Solidarische Grüsse aus der Redaktion!

I.              Artikel

Angst in Las Mercedes

Die Nachricht, dass in Kolumbien die Friedensverhandlungen auf Eis gelegt wurden, ging um die Welt. Genau auf das zweijährige Jubiläum des Dialogs hin kam die Krise. Auslöser war das Verschwinden des Brigadegenerals Rubén Darío Alzate Mora am 16. November durch die FARC. Die Spekulationen um die Ereignisse liessen nicht auf sich warten, und das Dorf Las Mercedes war auf einmal in aller Munde. Nicht nur im Guten.

(Von Regula Fahrländer)

http://www.askonline.ch/themen/friedensfoerderung/konfliktdynamik-und-bewaffnete-akteure/angst-in-las-mercedes/

 

Die Folgen der Goldinitiative aus menschenrechtlicher Perspektive

Seit die SVP-nahe Goldinitiative zur Rettung des Schweizer Goldes eingereicht wurde, ist viel über die Rolle und Unabhängigkeit der Schweizer Nationalbank und über die richtige Währungspolitik debattiert worden. Einige Kommentatoren und Politiker stellten immerhin fest, dass dies erneut zu einem starken Anstieg des Goldpreises führen und die Preisspekulationen angesichts der bekannten und fixen Nachfrage der Schweiz anheizen könnte.

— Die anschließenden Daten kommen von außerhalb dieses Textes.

(* Consider any instance of the rescheduling problem $(1, h_1 \mid \Delta_{\max}\le k \mid \mu\Delta_{\max} + \sum_{j=1}^n w_j C_j)$ described in the context, and suppose it admits at least one feasible schedule. Then there exists an optimal schedule $\sigma^*$ such that (a) the jobs in the earlier schedule of $\sigma^*$ are processed in increasing order of their indices (i.e., in the same order as in $\pi^*$); and (b) the jobs in the later schedule of $\sigma^*$ are also processed in increasing order of their indices.
   Context: An instance consists of $n$ jobs $J_1,\dots,J_n$, where $J_j$ has a positive integer processing time $p_j$ and a positive integer weight $w_j$, indexed in WSPT order $p_1/w_1\le p_2/w_2\le\cdots\le p_n/w_n$; integers $T_1,T_2$ with $0\le T_1<T_2$ (the machine is unavailable during $[T_1,T_2]$); an integer $k$; and a rational $\mu\ge 0$. The original schedule $\pi^*$ processes $J_1,\dots,J_n$ in this order consecutively from time $0$ without idle time, so $S_j(\pi^* )=\sum_{i<j}p_i$ and $C_j(\pi^* )=\sum_{i\le j}p_i$. A schedule $\sigma$ assigns each job a start time $S_j(\sigma)\ge 0$; jobs are processed non-preemptively on a single machine, $C_j(\sigma)=S_j(\sigma)+p_j$, no two jobs overlap in time, and no job is processed inside the unavailability interval (each job has $C_j(\sigma)\le T_1$ or $S_j(\sigma)\ge T_2$). Let $\Delta_j=|C_j(\sigma)-C_j(\pi^* )|$ and $\Delta_{\max}=\max_j\Delta_j$. A schedule is feasible if $\Delta_{\max}\le k$; an optimal schedule is a feasible schedule minimizing $\mu\Delta_{\max}+\sum_{j=1}^n w_jC_j(\sigma)$. The earlier schedule of $\sigma$ consists of the jobs with $C_j(\sigma)\le T_1$; the later schedule consists of the jobs completed after $T_2$. Standing assumptions: some job has $C_j(\pi^* )>T_1$; letting $j_1$ be the smallest such index, $p_{\min}\le T_1<P$ and $T_2-S_{j_1}(\pi^* )\le k$, where $p_{\min}=\min_j p_j$ and $P=\sum_j p_j$. *)

From mathcomp Require Import all_boot all_order all_algebra.
Set Implicit Arguments. Unset Strict Implicit. Unset Printing Implicit Defensive.
Import Order.TTheory GRing.Theory Num.Theory.
Local Open Scope ring_scope.

Section Resched.
Variables (n : nat) (p w : 'I_n -> nat) (T1 T2 k : nat) (mu : rat).

(* original schedule pi*: jobs in index order from time 0 *)
Definition S_orig (j : 'I_n) : nat := \sum_(i < n | (i < j)%N) p i.
Definition C_orig (j : 'I_n) : nat := \sum_(i < n | (i <= j)%N) p i.
Definition Ptot : nat := \sum_(i < n) p i.
(* minimum processing time; seed Ptot is harmless since n > 0 is forced by T1 < Ptot *)
Definition pmin : nat := \big[minn/Ptot]_(i < n) p i.

Definition Cmp (S : 'I_n -> rat) (j : 'I_n) : rat := S j + (p j)%:R.
Definition Delta (S : 'I_n -> rat) (j : 'I_n) : rat := `|Cmp S j - (C_orig j)%:R|.
Definition Dmax (S : 'I_n -> rat) : rat := \big[Num.max/0]_(j < n) Delta S j.

Definition valid_schedule (S : 'I_n -> rat) : Prop :=
  (forall j, 0 <= S j) /\
  (forall i j, i != j -> Cmp S i <= S j \/ Cmp S j <= S i) /\
  (* avoid unavailability interval [T1,T2] *)
  (forall j, Cmp S j <= T1%:R \/ T2%:R <= S j).

Definition feasible (S : 'I_n -> rat) : Prop :=
  valid_schedule S /\ Dmax S <= k%:R.

Definition cost (S : 'I_n -> rat) : rat :=
  mu * Dmax S + \sum_(j < n) (w j)%:R * Cmp S j.

Definition optimal (S : 'I_n -> rat) : Prop :=
  feasible S /\ forall S', feasible S' -> cost S <= cost S'.

Definition in_earlier (S : 'I_n -> rat) (j : 'I_n) : Prop := Cmp S j <= T1%:R.
Definition in_later (S : 'I_n -> rat) (j : 'I_n) : Prop := T2%:R < Cmp S j.

Definition index_ordered (P : 'I_n -> Prop) (S : 'I_n -> rat) : Prop :=
  forall i j, P i -> P j -> (i < j)%N -> S i < S j.

End Resched.

From mathcomp Require Import all_boot all_order all_algebra.
From mathcomp Require Import zify.
From mathcomp.algebra_tactics Require Import ring lra.
Import Order.TTheory GRing.Theory Num.Theory.
Local Open Scope ring_scope.

(** Since schedules range over an infinite set, the point is existence.  If two
    jobs of the same part run against index order, pick such a pair at minimal
    distance: no other job runs between them, so starting the lower-indexed job
    first and the other right after it keeps feasibility and [Dmax], and by the
    WSPT order does not increase the weighted completion time.  A schedule free
    of such pairs dominates, job by job, the canonical schedule given by its
    earlier part E and t = Dmax: each part is processed in index order as early
    as possible, from time 0 for E and from T2 for the others, no job starting
    more than t before its original start.  Canonical schedules are feasible
    with index-ordered parts, and cost at most mu t + sum w_j C_j.  The
    constraints on t have half-integral thresholds and each completion time is
    affine in t between integral breakpoints, so t can be rounded to a
    half-integer in [0, k]: the optimum is the best of finitely many canonical
    schedules. *)

Section Rescheduling.
Local Set Implicit Arguments.
Local Unset Strict Implicit.
Variables (n : nat) (p w : 'I_n -> nat) (T1 T2 k : nat) (mu : rat).
Hypothesis p_gt0 : forall j, (0 < p j)%N.
Hypothesis wspt : forall i j : 'I_n, (i < j)%N -> (p i * w j <= p j * w i)%N.
Hypothesis T1_lt_T2 : (T1 < T2)%N.
Hypothesis mu_ge0 : 0 <= mu.

Local Notation Cmp := (Cmp p).
Local Notation Delta := (Delta p).
Local Notation Dmax := (Dmax p).
Local Notation valid := (valid_schedule p T1 T2).
Local Notation feasible := (feasible p T1 T2 k).
Local Notation cost := (cost p w mu).

Lemma p_pos j : 0 < (p j)%:R :> rat.
Proof. by rewrite ltr0n. Qed.

Lemma T1_ltr_T2 : T1%:R < T2%:R :> rat.
Proof. by rewrite ltr_nat. Qed.

Lemma C_origE j : C_orig p j = (S_orig p j + p j)%N.
Proof.
rewrite /C_orig /S_orig (bigD1 j) //= addnC; congr (_ + _)%N.
by apply: eq_bigl => l /=; rewrite -val_eqE /= ltn_neqAle andbC.
Qed.

Lemma C_orig_ltn (i j : 'I_n) : (i < j)%N -> (C_orig p i + p j <= C_orig p j)%N.
Proof.
by move=> ij; rewrite [C_orig p j]C_origE leq_add2r; apply: sub_le_big => l /=; lia.
Qed.

Lemma Delta_le S j x :
  (Delta S j <= x) = ((S_orig p j)%:R - x <= S j) && (Cmp S j <= (C_orig p j)%:R + x).
Proof.
rewrite /Delta ler_norml /Cmp C_origE natrD.
by apply/andP/andP => -[? ?]; split; lra.
Qed.

Lemma Delta_le_Dmax S j : Delta S j <= Dmax S.
Proof. exact: (le_bigmax _ _ j). Qed.

Lemma Dmax_ge0 S : 0 <= Dmax S.
Proof. by have /bigmax_leP[] := lexx (Dmax S). Qed.

Lemma Dmax_le S x : 0 <= x -> (forall j, Delta S j <= x) -> Dmax S <= x.
Proof. by move=> x_ge0 Dx; apply/bigmax_leP; split=> // j _; apply: Dx. Qed.

Definition early (S : 'I_n -> rat) (j : 'I_n) : bool := Cmp S j <= T1%:R.

Lemma late_start S j : valid S -> ~~ early S j -> T2%:R <= S j.
Proof. by move=> [_ [_ avoid]] /negP Ej; case: (avoid j). Qed.

Lemma early_in_window S (a b : rat) x : b <= T1%:R \/ T2%:R <= a ->
  a <= S x -> Cmp S x <= b -> early S x = (b <= T1%:R).
Proof.
rewrite /early /Cmp => side ax xb; have := p_pos x; have := T1_ltr_T2.
by case: side => ? ? ?; apply/idP/idP => ?; lra.
Qed.

(** * Removing inversions by exchanges *)

Definition inversion (S : 'I_n -> rat) (ij : 'I_n * 'I_n) : bool :=
  [&& (ij.1 < ij.2)%N, S ij.2 < S ij.1 & early S ij.1 == early S ij.2].

Definition inversions S := [set ij | inversion S ij].

Definition window_move S S' (X : pred 'I_n) (a b : rat) : Prop :=
  [/\ forall m, ~~ X m -> S' m = S m,
      forall m, ~~ X m -> Cmp S m <= a \/ b <= S m,
      forall x, X x -> a <= S x /\ Cmp S x <= b,
      forall x, X x -> a <= S' x /\ Cmp S' x <= b &
      b <= T1%:R \/ T2%:R <= a].

Section WindowMove.
Variables (S S' : 'I_n -> rat) (X : pred 'I_n) (a b : rat).
Hypothesis move_SS' : window_move S S' X a b.

Lemma window_early x : early S' x = early S x.
Proof.
have [agree _ inside inside' side] := move_SS'.
have [Xx|nXx] := boolP (X x); last by rewrite /early /Cmp agree.
have [ax xb] := inside x Xx; have [ax' xb'] := inside' x Xx.
by rewrite (early_in_window side ax xb) (early_in_window side ax' xb').
Qed.

Lemma window_order x m : X x -> ~~ X m ->
  (S' x < S' m) = (S x < S m) /\ (S' m < S' x) = (S m < S x).
Proof.
have [agree outside inside inside' _] := move_SS'.
move=> Xx nXm; rewrite (agree m nXm).
have [ax xb] := inside x Xx; have [ax' xb'] := inside' x Xx.
have := p_pos x; have := p_pos m; move: ax xb ax' xb'; rewrite /Cmp.
by case: (outside m nXm); rewrite /Cmp => ? ? ? ? ? ? ?; split; apply/idP/idP => ?; lra.
Qed.

Lemma window_inversion x y :
  ~~ (X x && X y) -> inversion S' (x, y) -> inversion S (x, y).
Proof.
have [agree _ _ _ _] := move_SS'.
rewrite /inversion /= !window_early => nXxy /and3P[-> lt_yx ->]; rewrite andbT.
have [Xx|nXx] := boolP (X x).
  have nXy : ~~ X y by move: nXxy; rewrite Xx.
  by have [_ <-] := window_order Xx nXy.
have [Xy|nXy] := boolP (X y); first by have [<- _] := window_order Xy nXx.
by rewrite -(agree x nXx) -(agree y nXy).
Qed.

Lemma window_valid : valid S -> 0 <= a ->
  (forall x y, X x -> X y -> x != y -> Cmp S' x <= S' y \/ Cmp S' y <= S' x) -> valid S'.
Proof.
have [agree outside _ inside' side] := move_SS'.
move=> [S_ge0 [disj avoid]] a_ge0 disjX.
have placed x : X x -> [/\ 0 <= S' x, Cmp S' x <= T1%:R \/ T2%:R <= S' x &
    forall m, ~~ X m -> Cmp S' x <= S' m \/ Cmp S' m <= S' x].
  move=> Xx; have [ax xb] := inside' x Xx; move: xb; rewrite /Cmp => xb.
  split; first lra.
    by case: side => ?; [left|right]; lra.
  move=> m nXm; rewrite (agree m nXm).
  by case: (outside m nXm); rewrite /Cmp => ?; [right|left]; lra.
split; [|split].
- by move=> x; have [/placed[]|/agree ->] := boolP (X x).
- move=> x y xy; have [Xx|nXx] := boolP (X x); have [Xy|nXy] := boolP (X y).
  + exact: disjX.
  + by have [_ _ /(_ y nXy)] := placed x Xx.
  + by have [_ _ /(_ x nXx) []] := placed y Xy; [right|left].
  + by rewrite /Cmp (agree x nXx) (agree y nXy); apply: disj.
- move=> x; have [/placed[] //|nXx] := boolP (X x).
  by rewrite /Cmp (agree x nXx); apply: avoid.
Qed.

End WindowMove.

Lemma inversion_window S i j : valid S -> inversion S (i, j) ->
  [/\ Cmp S j <= S i, Cmp S i <= T1%:R \/ T2%:R <= S j & early S i = early S j].
Proof.
move=> VS /and3P[/= ij Sji /eqP Eij]; split=> //.
  have [_ [disj _]] := VS; have ji : j != i by rewrite -val_eqE /= gtn_eqF.
  by case: (disj j i ji) => //; rewrite /Cmp; have := p_pos i; lra.
by case Ei: (early S i); [left | right; apply: late_start => //; rewrite -Eij Ei].
Qed.

(* A job meeting the window would form an inversion of smaller gap with i or j. *)
Lemma min_gap_window S i j : valid S -> inversion S (i, j) ->
    (forall ij, inversion S ij -> S i - S j <= S ij.1 - S ij.2) ->
  forall m, m != i -> m != j -> Cmp S m <= S j \/ Cmp S i <= S m.
Proof.
move=> VS inv_ij gap_min m mi mj; have [_ [disj _]] := VS.
have [ji side Eij] := inversion_window VS inv_ij.
have ij : (i < j)%N by case/and3P: inv_ij.
case: (disj m j mj) => [|jm]; first by left.
case: (disj m i mi) => [mi'|]; last by right.
exfalso; have pi := p_pos i; have pj := p_pos j; have pm := p_pos m.
have Em : early S m = early S j.
  have Sjm : S j <= S m by move: jm; rewrite /Cmp; lra.
  have mCi : Cmp S m <= Cmp S i by move: mi'; rewrite /Cmp; lra.
  have jCi : Cmp S j <= Cmp S i by move: ji; rewrite /Cmp; lra.
  by rewrite (early_in_window side Sjm mCi) (early_in_window side (lexx _) jCi).
move: ji jm mi'; rewrite /Cmp => ji jm mi'.
case: (ltngtP i m) => [im|mi''|/val_inj im]; last by rewrite im eqxx in mi.
  have /gap_min /= : inversion S (i, m).
    by rewrite /inversion /= im Eij Em eqxx andbT; lra.
  by lra.
have /gap_min /= : inversion S (m, j).
  by rewrite /inversion /= (ltn_trans mi'' ij) Em eqxx andbT; lra.
by lra.
Qed.

Definition exchange (S : 'I_n -> rat) (i j : 'I_n) (x : 'I_n) : rat :=
  if x == i then S j else if x == j then S j + (p i)%:R else S x.

Section Exchange.
Variables (S : 'I_n -> rat) (i j : 'I_n).
Hypothesis ij : (i < j)%N.
Hypothesis ji_disj : Cmp S j <= S i.

Local Notation S' := (exchange S i j).

Lemma neq_ji : j != i.
Proof. by rewrite -val_eqE /= gtn_eqF. Qed.

Lemma exchange_i : S' i = S j.
Proof. by rewrite /exchange eqxx. Qed.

Niemand hat jedoch die Frage gestellt, woher dieses Gold kommen würde und was ein erhöhter Goldpreis in den Abbauregionen auslösen könnte.

(Von Stephan Suhner)

http://www.askonline.ch/themen/wirtschaft-und-menschenrechte/bergbau-und-rohstoffkonzerne/gold/goldinitiative-und-menschenrechte/

 

II.            Monatsbericht: Marias mühsamer Kampf für ein besseres Leben

Unzählige Frauen verlassen jeden Tag den südamerikanischen Kontinent auf der Suche nach einem besseren Leben. So auch viele Kolumbianerinnen. Oftmals zu spät müssen sie feststellen, dass ihre Situation in den vermeintlich paradiesischen Destinationen, wie etwa der Schweiz, nicht so idyllisch ist, wie erhofft. Wenn es dann weder Zurück noch Vorwärts gibt, bleibt als letzter Ausweg eine Existenz ohne Aufenthaltsbewilligung.

(Von Regula Erazo)

http://www.askonline.ch/publikationen/monatsberichte/marias-muehsamer-kampf-fuer-ein-besseres-leben/

 

III.           Apropos

Lebenslänglicher Schmähpreis soll an Glencore gehen – jede Stimme zählt!

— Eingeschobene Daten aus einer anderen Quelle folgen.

Lemma line_int_split s1 s2 : 0 <= s1 -> 0 <= s2 ->
  (forall t, 0 <= t <= s1 + s2 -> Ccont_at f (x + t * ex, y + t * ey)) ->
  line_int f x y ex ey (s1 + s2)
  = (line_int f x y ex ey s1 + line_int f (x + s1 * ex) (y + s1 * ey) ex ey s2)%C.
Proof.
  intros H1 H2 H. unfold line_int.
  assert (E : forall a b, 0 <= a -> a <= b -> b <= s1 + s2 ->
     @ex_RInt C_R_NormedModule (fun t => f (x + t * ex, y + t * ey)) a b).
  { intros a b Ha Hab Hb. apply Rcont_ex_RInt; auto.
    intros t Ht. apply Ccont_line, H. lra. }
  rewrite <- (@RInt_Chasles C_R_CompleteNormedModule _ 0 s1 (s1 + s2)) by (apply E; lra).
  pose proof (@RInt_comp_lin C_R_CompleteNormedModule
                (fun t => f (x + t * ex, y + t * ey)) 1 s1 0 s2) as HL.
  replace (1 * 0 + s1) with s1 in HL by ring. replace (1 * s2 + s1) with (s1 + s2) in HL by ring.
  rewrite <- HL by (apply E; lra).
  change (plus ?a ?b) with (Cplus a b). f_equal. apply RInt_ext. intros t _.
  replace (x + (1 * t + s1) * ex) with (x + s1 * ex + t * ex) by ring.
  replace (y + (1 * t + s1) * ey) with (y + s1 * ey + t * ey) by ring.
  destruct (f _) as [u v]. unfold scal; simpl. unfold prod_scal; simpl.
  unfold scal; simpl. unfold mult; simpl. f_equal; ring.
Qed.

End Lines.

Lemma line_int_sub_scal f g x y ex ey s (c : C) : 0 <= s ->
  (forall t, 0 <= t <= s -> Ccont_at f (x + t * ex, y + t * ey)) ->
  (forall t, 0 <= t <= s -> Ccont_at g (x + t * ex, y + t * ey)) ->
  line_int (fun z => f z - c * g z)%C x y ex ey s
  = (line_int f x y ex ey s - c * line_int g x y ex ey s)%C.
Proof.
  intros Hs Hf Hg.
  pose proof (line_int_correct f x y ex ey s Hs Hf) as I1.
  pose proof (is_RInt_Cmult _ _ _ _ c (line_int_correct g x y ex ey s Hs Hg)) as I2.
  apply (@is_RInt_unique C_R_CompleteNormedModule).
  exact (is_RInt_minus _ _ _ _ _ _ I1 I2).
Qed.

(* The contour integral of [f] along the positively oriented boundary of the square
   [[x, x + s] * [y, y + s]]: bottom, right, top and left sides. *)

Definition square_int (f : C -> C) (x y s : R) : C :=
  (line_int f x y 1 0 s + Ci * line_int f (x + s) y 0 1 s
   - line_int f x (y + s) 1 0 s - Ci * line_int f x y 0 1 s)%C.

Definition square_integrand (f : C -> C) (x y s t : R) : C :=
  let bottom := f (x + t, y) in let right := f (x + s, y + t) in
  let top := f (x + t, y + s) in let left := f (x, y + t) in
  (bottom + Ci * right - top - Ci * left)%C.

Definition on_square_boundary (P : C -> Prop) (x y s : R) : Prop :=
  forall t, 0 <= t <= s ->
    P (x + t, y) /\ P (x + s, y + t) /\ P (x + t, y + s) /\ P (x, y + t).

Ltac boundary_side HS :=
  let t := fresh "t" in let Ht := fresh "Ht" in
  intros t Ht; rewrite ?Rmult_1_r, ?Rmult_0_r, ?Rplus_0_r;
  let A1 := fresh in let A2 := fresh in let A3 := fresh in let A4 := fresh in
  destruct (HS t ltac:(lra)) as [A1 [A2 [A3 A4]]]; assumption.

Glencore ist wegen umweltschädigenden und menschenrechtsverletzenden Geschäftspraktiken für den Public Eye Award 2015 nominiert. In den Glencore-Minen rund um den Globus häufen sich Klagen über Umweltverschmutzung, zerstörte Lebensgrundlagen, gewerkschaftsfeindliche Praktiken und repressiven Umgang mit Kritikern!

Glencore hatte im Januar 2008 aufgrund der unverantwortlichen und intransparenten Geschäftspraktiken den Public Eye Jury Award verliehen bekommen. Glencore verdient den lebenslänglichen Schmähpreis, weil bei den 2008 angeklagten Problemen keine grundsätzlichen Verbesserungen eingetreten sind.

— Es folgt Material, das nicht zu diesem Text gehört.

(* Let $C$ be a cycle and $T$ a shortcut tree for $C$ with respect to a length-function $\ell$ on $T\cup C$, and assume $V(C)=L(T)$, $|L(T)|\ge 3$, and $T$ has no vertex of degree $2$. Then $T\cup C$ is planar and $3$-regular.
   Context: Graphs are finite, parallel edges allowed, no loops. A length-function is a map $\ell:E\to\mathbb{R}^+$ (strictly positive reals); $\ell(H)=\sum_{e\in E(H)}\ell(e)$. $\mathrm{sd}_G(A)$ is the minimum of $\ell(S)$ over connected subgraphs $S\subseteq G$ with $A\subseteq V(S)$. $L(T)$ is the set of leaves of $T$. Shortcut tree: let $H$ be a graph, $T$ a tree, both subgraphs of $T\cup H$, and $\ell$ a length-function on $T\cup H$. Then $T$ is a shortcut tree for $H$ if (SCT1) $V(T)\cap V(H)=L(T)$; (SCT2) $E(T)\cap E(H)=\emptyset$; (SCT3) $\ell(T)<\mathrm{sd}_H(L(T))$; (SCT4) for every proper subset $B\subsetneq L(T)$, $\mathrm{sd}_H(B)\le\mathrm{sd}_T(B)$. *)

From Stdlib Require Import Reals.
From mathcomp Require Import all_boot.

Set Implicit Arguments.
Unset Strict Implicit.
Unset Printing Implicit Defensive.

(* A finite multigraph: vertex type V, edge type E, each edge e has the
   (ordered, but only used up to orientation) pair of endpoints [ends e].
   Parallel edges are allowed; loops are excluded by a hypothesis in the
   theorem. *)
Section Graphs.
Variables (V E : finType) (ends : E -> V * V).

Definition joins (e : E) (u v : V) : bool :=
  (ends e == (u, v)) || (ends e == (v, u)).

Definition incident (e : E) (v : V) : bool :=
  ((ends e).1 == v) || ((ends e).2 == v).

Definition is_subgraph (VS : {set V}) (ES : {set E}) : Prop :=
  forall e, e \in ES -> ((ends e).1 \in VS) && ((ends e).2 \in VS).

(* degree of v in the subgraph with edge set ES (no loops, so each
   incident edge contributes 1) *)
Definition deg (ES : {set E}) (v : V) : nat :=
  #|[set e in ES | incident e v]|.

http://www.askonline.ch/themen/wirtschaft-und-menschenrechte/unternehmensverantwortung-normen-und-instrumente/public-eye-2015/

 

Präsident Santos auf Europareise

Vom 3. bis 7. November weilte der kolumbianische Präsident Juan Manuel Santos in Europa. In Spanien, Belgien, Frankreich, Großbritannien, Portugal und Deutschland warb er um Unterstützung für den Friedensdialog und um Geld für die Nachkriegszeit. Sein spezielles Interesse gilt auch den wirtschaftlichen Investitionen aus Europa, welche die Europäische Union braucht und Santos sehr willkommen sind.

Abseits der Öffentlichkeit wurden aber auch kriegerische Angelegenheiten besprochen. Santos will die militärische Kooperation mit der NATO und der EU vorantreiben. Demnach soll die kolumbianische Armee in mehrere militärische Missionen der EU einsteigen. Nach Beendigung des bewaffneten Bürgerkrieges muss das Personal der kolumbianischen Streitkräfte von derzeit rund 550 000 SoldatInnen stark reduziert werden. Eine erfolgreiche Beschäftigung für sie ist entscheidend, um langfristigen Frieden zu etablieren. Sofern es an attraktiven Erwerbsalternativen mangelt, wird für diese Männer und Frauen das Überlaufen zu den illegal bewaffneten Gruppierungen gefährlich verlockend sein.

Menschenrechtsorganisationen in den obengenannten europäischen Ländern haben den Besuch des kolumbianischen Präsidenten dazu genutzt, um auf die zunehmende Zahl von Morden an MenschenrechtsverteidigerInnen und Gewerkschaftern, die Straflosigkeit und die extralegalen Hinrichtungen hinzuweisen.

http://www.dw.de/kolumbien-will-milit%C3%A4rpartnerschaft-mit-eu/a-18040676

 

Urgent Action: Stopp der gewaltsamen Vertreibung von Las Casitas

Las Casitas, eine kleine ländliche Gemeinschaft am Rande des Cerrejóns, einer der weltweit grössten Kohlenminen, ist akut von gewaltsamer Vertreibung bedroht.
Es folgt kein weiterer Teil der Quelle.